Men with localized prostate cancer who received treatment with external beam radiation alone were analyzed using the 1997 AJCC staging system compared with a system that included pretreatment prostate-specific antigen (pPSA) level and Gleason score (GS). Multivariate analyses using a Cox proportional-hazards model were carried out to evaluate T classification, GS, and pPSA as predictors of overall survival (OS), disease-specific survival (DSS), and freedom from PSA failure (FFPF).

RESULTS.

Based on pretreatment characteristics in a series of contemporary patients, only 0.6% of patients were classified with AJCC stage I disease, 16.0% were classified with AJCC stage III disease, and 83.4% were classified with AJCC stage II disease.

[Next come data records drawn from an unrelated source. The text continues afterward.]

Lemma interpolating_bounded_away w : ball_d d w -> ~ L w ->
  exists2 e : C, 0 < e & forall l, L l -> e <= cinner (csub l w) (csub l w).
Proof.
move=> wB wNL; apply: contrapT => far.
pose g l := complex.Re (cinner (csub l w) (csub l w)).
have gE l : (g l)%:C%C = cinner (csub l w) (csub l w).
  by rewrite RRe_real ?cinner_real.
have g_gt0 l : L l -> 0 < g l.
  move=> Ll; rewrite lt_def -(@lecR R) gE rmorph0 cinner_ge0 andbT.
  apply/eqP => g0; have /cinner_eq0 lw0 : cinner (csub l w) (csub l w) = 0.
    by rewrite -gE g0 rmorph0.
  suff lw : l = w by apply: wNL; rewrite -lw.
  by apply/funext => i; apply/eqP; rewrite -subr_eq0; apply/eqP/lw0.
have small eta : 0 < eta -> exists2 l, L l & g l < eta.
  move=> eta_gt0; apply: contrapT => no_l; apply: far.
  exists (eta%:C)%C => [|l Ll]; first by rewrite ltcR.
  by rewrite -gE lecR leNgt; apply/negP => lt_eta; apply: no_l; exists l.
have [s [Ls s_dec s_cvg]] := decreasing_seq_to0 g_gt0 small.
apply: (interpolating_no_injective_cvg wB Ls).
  by move=> m n smn; case: (ltngtP m n) => // mn; have := s_dec _ _ mn; rewrite smn ltxx.
move=> eta eta_gt0; have eta_real : eta \is Num.real by rewrite ger0_real ?ltW.
have [|N near] := s_cvg (complex.Re eta); first by rewrite -(@ltcR R) RRe_real.
by exists N => n Nn; rewrite -gE -(RRe_real eta_real) lecR ltW ?near.
Qed.

Lemma interpolating_peak w : ball_d d w -> ~ L w ->
  exists psi : V -> C, [/\ is_multiplier psi, forall l, L l -> psi l = 0 & psi w = 1].
Proof.
move=> wB wNL; have [e e_gt0 far] := interpolating_bounded_away wB wNL.
case: L_interp => _ L_ball L_int.
have dist_gt0 l : L l -> 0 < cinner (csub l w) (csub l w).
  by move=> Ll; exact: lt_le_trans e_gt0 (far l Ll).
have [theta [thetaM thetaE]] : exists theta : V -> C, is_multiplier theta /\
    forall l, L l -> theta l = (cinner (csub l w) (csub l w))^-1.
  apply: L_int; exists (complex.Re e)^-1 => l Ll.
  rewrite normfV (gtr0_norm (dist_gt0 l Ll)) fmorphV /= (RRe_real (ger0_real (ltW e_gt0))).
  by rewrite lef_pV2 ?posrE ?dist_gt0 ?far.
have /choice[zeta zetaP] : forall i, exists zeta : V -> C, is_multiplier zeta /\
    forall l, L l -> zeta l = (l i - w i)^*.
  move=> i; apply: L_int; exists 2 => l Ll /=.
  rewrite norm_conjC (rmorph_nat (real_complex R) 2); apply: le_trans (ler_normB _ _) _.
  by rewrite -[2%:R]/(1 + 1 : C); apply: lerD; apply: normr_coord_le1 => //; exact: L_ball.
exists (fun z => 1 - theta z * \sum_i (z i - w i) * zeta i z); split.
- apply/multiplierD/multiplierN/multiplierM/multiplier_sum => [|//|i].
    exact: multiplier_cst.
  apply/multiplierM; last exact: (zetaP i).1.
  exact/multiplierD/multiplier_cst/multiplier_coord.
- move=> l Ll; rewrite thetaE //.
  have -> : \sum_i (l i - w i) * zeta i l = cinner (csub l w) (csub l w).
    by apply: eq_bigr => i _; rewrite (zetaP i).2.
  by rewrite mulVf ?subrr // gt_eqF ?dist_gt0.
- by rewrite big1 ?mulr0 ?subr0 // => i _; rewrite subrr mul0r.
Qed.

End Interpolation.

Theorem corollary2p4 (R : realType) (d : nat) (L : set (cvec R d)) :
  interpolating L -> forall w : cvec R d, ball_d d w -> interpolating ([set w] `|` L).
Proof.
move=> L_interp w wB; have [L_count L_ball L_int] := L_interp; split.
- rewrite -bigcup2E; apply: bigcup_countable; first exact: countableP.
  by move=> [|[|i]] _ //=.
- by move=> l [->|/L_ball].
move=> a [B aB]; have [phi [phiM phiE]] : exists phi, is_multiplier phi /\ forall l, L l -> phi l = a l.
  by apply: L_int; exists B => l Ll; apply: aB; right.
have [wL|wNL] := pselect (L w).
  by exists phi; split => // l [->|]; exact: phiE.
have [psi [psiM psi0 psi1]] := interpolating_peak L_interp wB wNL.
exists (fun z => phi z + (a w - phi w) * psi z); split.
  exact/multiplierD/multiplierM/psiM/multiplier_cst.
move=> l [->|Ll]; first by rewrite psi1 mulr1 addrC subrK.
by rewrite psi0 // mulr0 addr0 phiE.
Qed.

Multivariate analyses indicated the independent statistical significance of T classification, GS, and pPSA in predicting OS, DSS, and FFPF (model chi-square value, P < .0001 for each). Using these 3 predictors, subsets of patients who had similar outcomes were combined to provide examples of the insensitivity of the AJCC system for predicting outcomes. Incorporating pPSA and GS allowed the identification of differences in OS, DSS, and FFPF for subsets of patients with AJCC stage II disease (P < .0001, P = .005, and P < .0001, respectively).

CONCLUSIONS.

The current AJCC staging system does not divide contemporary patients with prostate cancer into prognostic subgroups and does not identify patients who have comparable biochemical control and survival. The AJCC staging system for prostate cancer should be changed to incorporate pPSA, GS, and risk stratification. Cancer 2007. © 2006 American Cancer Society.